Пузыри появлялись из отсасывающей трубки, введённой в его рот.
Блип… блип… блип… – эти звуки раздавались из монитора кардиографа, следящего за его сердцем.
Стон и последний вздох, слава Богу, издал кто-то другой.
"…какой стыд…"
Вдох, выдох.
"…такой крепкий с виду мужчина…"
Вдох, выдох…
"…что с ним случилось…" гудение кондиционера, перекрывающее шум города вокруг храп, кашель, рыгание, шум пылесоса резиновые подмётки и тележка на колёсиках, громыхающая по коридору чей звук теряется за краанг-авангавангаванг! ночного горшка, ударяющегося об пол настойчивый звонок медицинской тревоги.
Первое, что он увидел, открыв глаза – это вазу с бледно-жёлтыми нарциссами огромные жёлтые трубы с елизаветинскими брыжами которые превращаются в пурпурные тюльпаны, когда он моргает.

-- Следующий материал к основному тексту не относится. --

(* Let $ABC$ be a triangle and let $X, Y$ be points which are conjugate with respect to the circumcircle $\odot(ABC)$. Let $X', Y'$ be the isogonal conjugates of $X, Y$ with respect to $ABC$. Then the line $X'Y'$ passes through the center of the circumconic through $A, B, C, X', Y'$.
   Context: Two points $U, V$ are conjugate with respect to a conic $\mathcal{C}$ if the polar of $U$ with respect to $\mathcal{C}$ passes through $V$ (equivalently, the polar of $V$ passes through $U$). *)

From HB Require Import structures.
From mathcomp Require Import all_boot all_order all_algebra.
Set Implicit Arguments. Unset Strict Implicit. Unset Printing Implicit Defensive.
Import Order.TTheory GRing.Theory Num.Theory.
Local Open Scope ring_scope.

Section Plane.
Variable R : rcfType.
Definition point := (R * R)%type.

Definition vsub (P Q : point) : point := (P.1 - Q.1, P.2 - Q.2).
Definition vadd (P Q : point) : point := (P.1 + Q.1, P.2 + Q.2).
Definition vscale (k : R) (P : point) : point := (k * P.1, k * P.2).
Definition dot (P Q : point) : R := P.1 * Q.1 + P.2 * Q.2.
Definition cross (P Q : point) : R := P.1 * Q.2 - P.2 * Q.1.
Definition vnorm (P : point) : R := Num.sqrt (dot P P).

Definition collinear (P Q S : point) : Prop := cross (vsub Q P) (vsub S P) = 0.

Definition circumcenter (A B C O : point) : Prop :=
  dot (vsub A O) (vsub A O) = dot (vsub B O) (vsub B O) /\
  dot (vsub A O) (vsub A O) = dot (vsub C O) (vsub C O).

(* P lies on the polar of U w.r.t. the circle with center O and squared radius r2 *)
Definition on_polar (O : point) (r2 : R) (U P : point) : Prop :=
  dot (vsub P O) (vsub U O) = r2.

Definition conjugate_wrt_circle (O : point) (r2 : R) (U V : point) : Prop :=
  on_polar O r2 U V.

Definition bisector_dir (V Q1 Q2 : point) : point :=
  vadd (vscale (vnorm (vsub Q1 V))^-1 (vsub Q1 V))
       (vscale (vnorm (vsub Q2 V))^-1 (vsub Q2 V)).

Definition reflect_dir (u v : point) : point :=
  vsub (vscale (2 * dot v u / dot u u) u) v.

Definition on_isogonal_line (V Q1 Q2 X P : point) : Prop :=
  cross (vsub P V) (reflect_dir (bisector_dir V Q1 Q2) (vsub X V)) = 0.

Definition isogonal_conjugate (A B C X X' : point) : Prop :=
  on_isogonal_line A B C X X' /\ on_isogonal_line B C A X X' /\
  on_isogonal_line C A B X X'.

Record conic := Conic { ca : R; cb : R; cc : R; cd : R; ce : R; cf : R }.
Definition nondeg_coeffs (Q : conic) : Prop :=
  ~ (ca Q = 0 /\ cb Q = 0 /\ cc Q = 0 /\ cd Q = 0 /\ ce Q = 0 /\ cf Q = 0).
Definition on_conic (Q : conic) (P : point) : Prop :=
  ca Q * P.1 ^+ 2 + cb Q * P.1 * P.2 + cc Q * P.2 ^+ 2 + cd Q * P.1 + ce Q * P.2
  + cf Q = 0.

(* Projective points of the plane: homogeneous triples (z1 : z2 : z3), not all 0;
   z3 = 0 are the points at infinity. *)
Definition hpoint := (R * R * R)%type.
Definition hnonzero (Z : hpoint) : Prop := ~ (Z.1.1 = 0 /\ Z.1.2 = 0 /\ Z.2 = 0).

(* Z is a center of Q: the pole of the line at infinity, i.e. with symmetric
   matrix M = [[2a,b,d],[b,2c,e],[d,e,2f]], M Z is proportional to (0,0,1). *)
Definition conic_center (Q : conic) (Z : hpoint) : Prop :=
  hnonzero Z /\
  2 * ca Q * Z.1.1 + cb Q * Z.1.2 + cd Q * Z.2 = 0 /\
  cb Q * Z.1.1 + 2 * cc Q * Z.1.2 + ce Q * Z.2 = 0.

Definition on_line_h (P P' : point) (Z : hpoint) : Prop :=
  Z.1.1 * (P.2 - P'.2) - Z.1.2 * (P.1 - P'.1) + Z.2 * (P.1 * P'.2 - P'.1 * P.2) = 0.

End Plane.

From HB Require Import structures.
From mathcomp Require Import all_boot all_order all_algebra.
From mathcomp Require Import ring lra.
Import Order.TTheory GRing.Theory Num.Theory.
Local Open Scope ring_scope.

Set Implicit Arguments. Unset Strict Implicit. Unset Printing Implicit Defensive.

(* Work in barycentric coordinates (x : y : z) w.r.t. ABC and let s = (a^2, b^2, c^2).
   The circumcircle is a^2 yz + b^2 zx + c^2 xy = 0, so X and Y are conjugate iff the
   polar form of this quadric vanishes at (x, y), and isogonal conjugation is
   (x : y : z) |-> (a^2 yz : b^2 zx : c^2 xy).  A circumconic p yz + q zx + r xy = 0 is the
   isogonal image of the line b^2 c^2 p x + c^2 a^2 q y + a^2 b^2 r z = 0; as it passes
   through X' and Y', this line is XY, so (p, q, r) is proportional to
   (a^2 n1, b^2 n2, c^2 n3) with n = X x Y.  The center of the circumconic is
   (p (q + r - p) : q (r + p - q) : r (p + q - r)), and after this substitution the
   determinant of the center, X' and Y' factors through the polar form of the
   circumcircle at (X, Y), hence vanishes.  The center fails to be unique only when the
   circumconic is a pair of parallel lines, i.e. when XY is the tangent to the
   circumcircle at a vertex, and two points of such a tangent are never conjugate. *)

Notation vec3 F := (F * F * F)%type.

Section Vec3.
Variable F : comPzRingType.
Implicit Types (t : F) (a b c m s u v w x y z : vec3 F).

Definition dot3 u v := u.1.1 * v.1.1 + u.1.2 * v.1.2 + u.2 * v.2.
Definition cross3 u v : vec3 F :=
  (u.1.2 * v.2 - u.2 * v.1.2, u.2 * v.1.1 - u.1.1 * v.2, u.1.1 * v.1.2 - u.1.2 * v.1.1).
Definition det3 u v w := dot3 u (cross3 v w).
Definition sum3 u := u.1.1 + u.1.2 + u.2.
Definition prod3 u := u.1.1 * u.1.2 * u.2.
Definition scale3 t u : vec3 F := (t * u.1.1, t * u.1.2, t * u.2).
Definition rot3 u : vec3 F := (u.1.2, u.2, u.1.1).
Definition cof3 u : vec3 F := (u.1.2 * u.2, u.2 * u.1.1, u.1.1 * u.1.2).

(* Coordinates of [u] in the basis [a, b, c], multiplied by [det3 a b c]. *)
Definition bary3 a b c u : vec3 F := (det3 u b c, det3 u c a, det3 u a b).

(* The circumconic [m.1.1 y z + m.1.2 z x + m.2 x y = 0] in barycentric coordinates;
   [ccmul m] is its symmetric matrix. *)
Definition ccmul m z : vec3 F :=
  (m.2 * z.1.2 + m.1.2 * z.2, m.2 * z.1.1 + m.1.1 * z.2, m.1.2 * z.1.1 + m.1.1 * z.1.2).
Definition ccform m x y := dot3 x (ccmul m y).

(* [z] is a center: its polar is the line at infinity [x + y + z = 0]. *)
Definition is_cc_center m z :=
  (ccmul m z).1.1 = (ccmul m z).1.2 /\ (ccmul m z).1.2 = (ccmul m z).2.

(* The adjugate of [ccmul m] applied to (1, 1, 1). *)
Definition cc_center m : vec3 F :=
  (m.1.1 * (m.1.2 + m.2 - m.1.1), m.1.2 * (m.2 + m.1.1 - m.1.2),
   m.2 * (m.1.1 + m.1.2 - m.2)).

(* Isogonal conjugation [(x : y : z) |-> (a^2 / x : b^2 / y : c^2 / z)], with [s] the
   squared side lengths. *)
Definition isog s x : vec3 F := s * cof3 x.

Ltac vec3_ring := rewrite /bary3 /det3 /ccform /isog /cc_center /ccmul /dot3 /cross3
  /sum3 /prod3 /scale3 /rot3 /cof3 /=; ring.

Lemma dot3r0 u : dot3 u 0 = 0.
Proof. by rewrite /dot3 /= !mulr0 !addr0. Qed.
(* Let $V$ be a finite-dimensional real vector space with a non-degenerate inner product of signature $(p,q)$, $p,q\ge 1$, $p+q\ge 3$; let $Q(v)=(v,v)$, $\mathcal{N}=\{v:Q(v)=0\}$, and $\mathcal{I}=Q\cdot\mathbb{R}[V,\mathbb{R}]$. Let $W$ be a finite-dimensional real vector space of dimension $w$ and let $x_1,\dots,x_r\in\mathbb{R}[V,W]$ with $r\le w$. The following are equivalent: \begin{enumerate} \item the vectors $x_1(v),\dots,x_r(v)$ are linearly dependent for all $v\in\mathcal{N}$; \item $I(x_1,\dots,x_r)\subset\mathcal{I}$; \item there exist $c_1,\dots,c_r\in\mathbb{R}[V,\mathbb{R}]$, with $c_i\notin\mathcal{I}$ for at least one $i$, such that $c_1x_1+\dots+c_rx_r\in\mathcal{I}\,\mathbb{R}[V,W]$, i.e. $c_1x_1+\dots+c_rx_r=Q\cdot y$ for some $y\in\mathbb{R}[V,W]$. \end{enumerate}
   Context: $\mathbb{R}[V,\mathbb{R}]$ is the ring of real polynomial functions on $V$ and $\mathbb{R}[V,W]$ the $\mathbb{R}[V,\mathbb{R}]$-module of polynomial maps $V\to W$. For a basis of $W$, let $\mathbf{X}$ be the $w\times r$ matrix over $\mathbb{R}[V,\mathbb{R}]$ whose $i$-th column is the coordinate vector of $x_i$; $I(x_1,\dots,x_r)$ is the ideal generated by all $r\times r$ minors of $\mathbf{X}$ (independent of the basis). *)

From HB Require Import structures.
From mathcomp Require Import all_boot all_order all_algebra.
From mathcomp Require Import reals.
From mathcomp Require Import mpoly.
Set Implicit Arguments. Unset Strict Implicit. Unset Printing Implicit Defensive.
Import Order.TTheory GRing.Theory Num.Theory.
Local Open Scope ring_scope.

(* V = R^n (coordinates); a symmetric matrix A represents the inner product. *)

(* Nondegenerate symmetric form of signature (p,q): Sylvester normal form. *)
Definition has_signature (R : realType) (n : nat) (A : 'M[R]_n) (p q : nat) : Prop :=
  A^T = A /\ (p + q = n)%N /\
  exists P : 'M[R]_n, P \in unitmx /\
    P^T *m A *m P = diag_mx (\row_(i < n) (if (i < p)%N then 1 else -1)).

Definition Qpoly (R : realType) (n : nat) (A : 'M[R]_n) : {mpoly R[n]} :=
  \sum_(i < n) \sum_(j < n) (A i j) *: ('X_i * 'X_j).

Definition in_Qideal (R : realType) (n : nat) (Q : {mpoly R[n]}) (f : {mpoly R[n]}) : Prop :=
  exists g : {mpoly R[n]}, f = Q * g.

(* The ideal I(x_1,...,x_r) generated by all r x r minors of the w x r matrix X. *)
Definition in_minor_ideal (R : realType) (n w r : nat)
  (X : 'M[{mpoly R[n]}]_(w, r)) (f : {mpoly R[n]}) : Prop :=
  exists a : {ffun 'I_r -> 'I_w} -> {mpoly R[n]},
    f = \sum_(s : {ffun 'I_r -> 'I_w} | injectiveb s) a s * \det (rowsub s X).

From HB Require Import structures.
From mathcomp Require Import all_boot all_order all_algebra.
From mathcomp Require Import reals.
From mathcomp Require Import mpoly.
From mathcomp Require Import ring lra.
From mathcomp Require Import perm.
From Stdlib Require Import Classical.
Set Implicit Arguments. Unset Strict Implicit. Unset Printing Implicit Defensive.
Import Order.TTheory GRing.Theory Num.Theory.
Local Open Scope ring_scope.

(* After a linear change of coordinates, Q (or -Q) becomes x_0^2 - T with T a
   form in the remaining variables taking both signs, because p, q >= 1 and
   p + q >= 3.  Modulo Q every polynomial is h0 + x_0 h1 with h0, h1 free of
   x_0.  Where T > 0 the null cone contains the points x_0 = +-sqrt T, so a
   polynomial vanishing on it has h0 = h1 = 0 on an open box, hence everywhere:
   Q generates the ideal of the null cone.  Where T < 0, h0^2 - T h1^2 = 0
   forces h0 = h1 = 0, which makes (Q) prime.  Given these two facts,
   (1) <-> (2) says that the maximal minors vanish on the null cone,
   (3) -> (2) follows from adj(M) M = det(M) and primality, and (2) -> (3)
   comes from the Laplace expansion of a bordered minor around a largest minor
   outside (Q). *)

Section MpolyEvaluation.
Variable R : realType.

Lemma meval_sum n (I : Type) (r : seq I) (P : pred I) (F : I -> {mpoly R[n]}) v :
  (\sum_(i <- r | P i) F i).@[v] = \sum_(i <- r | P i) (F i).@[v].
Proof. exact: raddf_sum. Qed.

Lemma mevalXn n (p : {mpoly R[n]}) k v : (p ^+ k).@[v] = p.@[v] ^+ k.
Proof. exact: rmorphXn. Qed.
Lemma lap_fun_norm2 x t : U x -> 0 < t < T ->
  lap_fun g (norm2 g xi) x t =
  2 * inner g (rough_lap g xi) xi x t + 2 * inner g (cov g xi) (cov g xi) x t.
Proof.
move=> Ux Ht; rewrite lap_funE.
under eq_bigr => i _ do under eq_bigr => j _ do rewrite (hess_norm2 i j x t Ux Ht).
have -> : inner g (rough_lap g xi) xi x t =
    \sum_i \sum_j ginv g i j x t * inner g (cov2 i j) xi x t.
  rewrite innerE gcontract_suml; apply: eq_bigr => i _.
  by rewrite gcontract_suml; apply: eq_bigr => j _; rewrite gcontractZl.
have -> : inner g (cov g xi) (cov g xi) x t =
    \sum_i \sum_j ginv g i j x t * inner g (covd xi i) (covd xi j) x t.
  by rewrite innerE gcontract_snoc.
rewrite !mulr_sumr -big_split; apply: eq_bigr => i _.
by rewrite !mulr_sumr -big_split; apply: eq_bigr => j _ /=; ring.
Qed.

Hypothesis ricci_flow : forall i j x t, U x -> 0 < t < T ->
  dt (g i j) x t = - 2 * Ric g i j x t.
Hypothesis heat_xi : forall I x t, U x -> 0 < t < T ->
  dt (xi I) x t = hodge_lap g xi I x t.

Lemma dt_ginv a b x t : U x -> 0 < t < T ->
  dt (ginv g a b) x t = 2 * \sum_c \sum_d ginv g a c x t * Ric g c d x t * ginv g d b x t.
Proof.
move=> Ux Ht; rewrite /dt (derive_invmx (fun s => gmx g x s) t 1
  (fun i j => derivable_gmx_t i j Ux Ht) (near_gmx_unit_t Ux Ht)).
rewrite mulr_sumr -sumrN; apply: eq_bigr => c _.
rewrite mulr_sumr -sumrN; apply: eq_bigr => d _.
rewrite [X in 'D_1 X t](_ : _ = fun s => g c d x s); last first.
  by apply/funext => s; rewrite mxE.
by rewrite -/(dt (g c d) x t) ricci_flow // /ginv; ring.
Qed.

(* The variation of the metric cancels the Ricci terms of [hodge_lap]. *)
Lemma dt_norm2 x t : U x -> 0 < t < T ->
  dt (norm2 g xi) x t =
  2 * inner g (rough_lap g xi) xi x t - 2 * inner g (riemann_term g xi) xi x t.
Proof.
move=> Ux Ht.
have dG a b : derivable (fun s => ginv g a b x s) t 1 by exact: derivable_ginv_t.
have dxi J : derivable (fun s => xi J x s) t 1.
  exact: (derivable_pds_t [::] (smooth_xi J) Ux Ht).
have -> : dt (norm2 g xi) x t = 'D_1 (fun s => gcontract (fun a b => ginv g a b x s)
    (fun J => xi J x s) (fun L => xi L x s)) t by [].
rewrite (derive_gcontract _ _ _ _ _ dG dxi dxi).
set G := fun a b => ginv g a b x t; set X := fun J => xi J x t.
have hod J : 'D_1 (fun s => xi J x s) t =
    rough_lap g xi J x t - ricci_term g xi J x t - riemann_term g xi J x t.
  by rewrite -hodge_lapE -heat_xi.
rewrite (eq_gcontract G hod (fun=> erefl)) (eq_gcontract G (fun=> erefl) hod).
rewrite [gcontract G X _]gcontractC; last by move=> a b; exact: ginv_sym.
rewrite !gcontractBl.
have -> : gcontract G (fun J => ricci_term g xi J x t) X =
    gcontract_var G (fun a b => \sum_c G c b * Ric_up g a c x t) X X.
  rewrite -(gcontract_slot_actl G (fun a c => Ric_up g c a x t)).
  apply: eq_gcontract => // J; apply: eq_bigr => s _; apply: eq_bigr => c _.
  exact: mulrC.
rewrite (@gcontract_var_lin _ _ _ _ _ (fun a b => \sum_c G c b * Ric_up g a c x t)
   (fun a b => \sum_c G c b * Ric_up g a c x t) 2 0); last first.
  move=> a b; rewrite -/(dt (ginv g a b) x t) dt_ginv // mul0r addr0.
  congr (_ * _); under [RHS]eq_bigr => c _ do rewrite mulr_sumr.
  rewrite [RHS]exchange_big; apply: eq_bigr => c _; apply: eq_bigr => d _.
  by rewrite /G; ring.
rewrite !innerE -/G -/X; ring.
Qed.

End Form.

End Geometry.

Theorem lemma1 (R : realType) (n p : nat) (U : set 'rV[R]_n) (T : R)
  (g : @metric R n) (xi : @tensor R n p) :
  open U ->
  (forall i j, smooth_on U T (g i j)) ->
  (forall i j x t, U x -> 0 < t < T -> g i j x t = g j i x t) ->
  (forall x t, U x -> 0 < t < T ->
     forall v : 'rV[R]_n, v != 0 -> 0 < (v *m gmx g x t *m v^T) 0 0) ->
  (forall i j x t, U x -> 0 < t < T -> dt (g i j) x t = - 2 * Ric g i j x t) ->
  (forall I, smooth_on U T (xi I)) ->
  antisym xi ->
  (forall I x t, U x -> 0 < t < T -> dt (xi I) x t = hodge_lap g xi I x t) ->
  forall x t, U x -> 0 < t < T ->
    dt (norm2 g xi) x t =
      lap_fun g (norm2 g xi) x t
      - 2 * inner g (cov g xi) (cov g xi) x t
      - (p * (p - 1))%:R * curv_term g xi x t.
Proof.
move=> open_U smooth_g g_sym g_pos ricci_flow smooth_xi xi_anti heat_xi x t Ux Ht.
rewrite (dt_norm2 (U := U) (T := T)) // (lap_fun_norm2 (U := U) (T := T)) //.
rewrite -(inner_riemann_term g xi x t xi_anti); ring.
Qed.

По соседству со стеклянной стеной его палаты стояла установка интенсивной терапии у которой медицинские сёстры-азиатки в ослепительно-белых халатах колдовали над измерительными приборами, приспособлениями и устройствами сложных медицинских установок в то время как медики в шапочках и мятых зелёных одеждах суетились, размахивая стетоскопами, в палате напротив.
Покрывало было обёрнуто вокруг кровати, врач делал кому-то укол в сердце затем другой заставил пациента дёрнуться, приложив к нему электроды дефибриллятора.
Он подумал о садах, мимо которых он прошёл в своей жизни и ни разу не остановился, чтобы полюбоваться ими.
IV мешка над головой, окружённые шторкой из стержней и тягами другая комната – отдельная – в которой зелёные линии отображают волны его мозга мягкий, приглушённый свет, расплывчатые человеческие фигуры в карнавальных масках"…контузия…" "…задет череп…" "…где они нашли его…" "…ранен в чайном домике, здесь, на Пике…" "…на дюйм левее…" "…вошла бы в мозг…" Спокойной ночи, леди.
– Доброе утро, Рип Ван Винкль. Как вы себя чувствуете?
– Как Шалтай-Болтай после падения.
– Болит голова?
– Просто раскалывается.
– Этого следовало ожидать. Шрам у вас на лбу будет подходить к такому же на вашей челюсти.
– Где я?
– Покфулам-роуд. Госпиталь королевы Марии.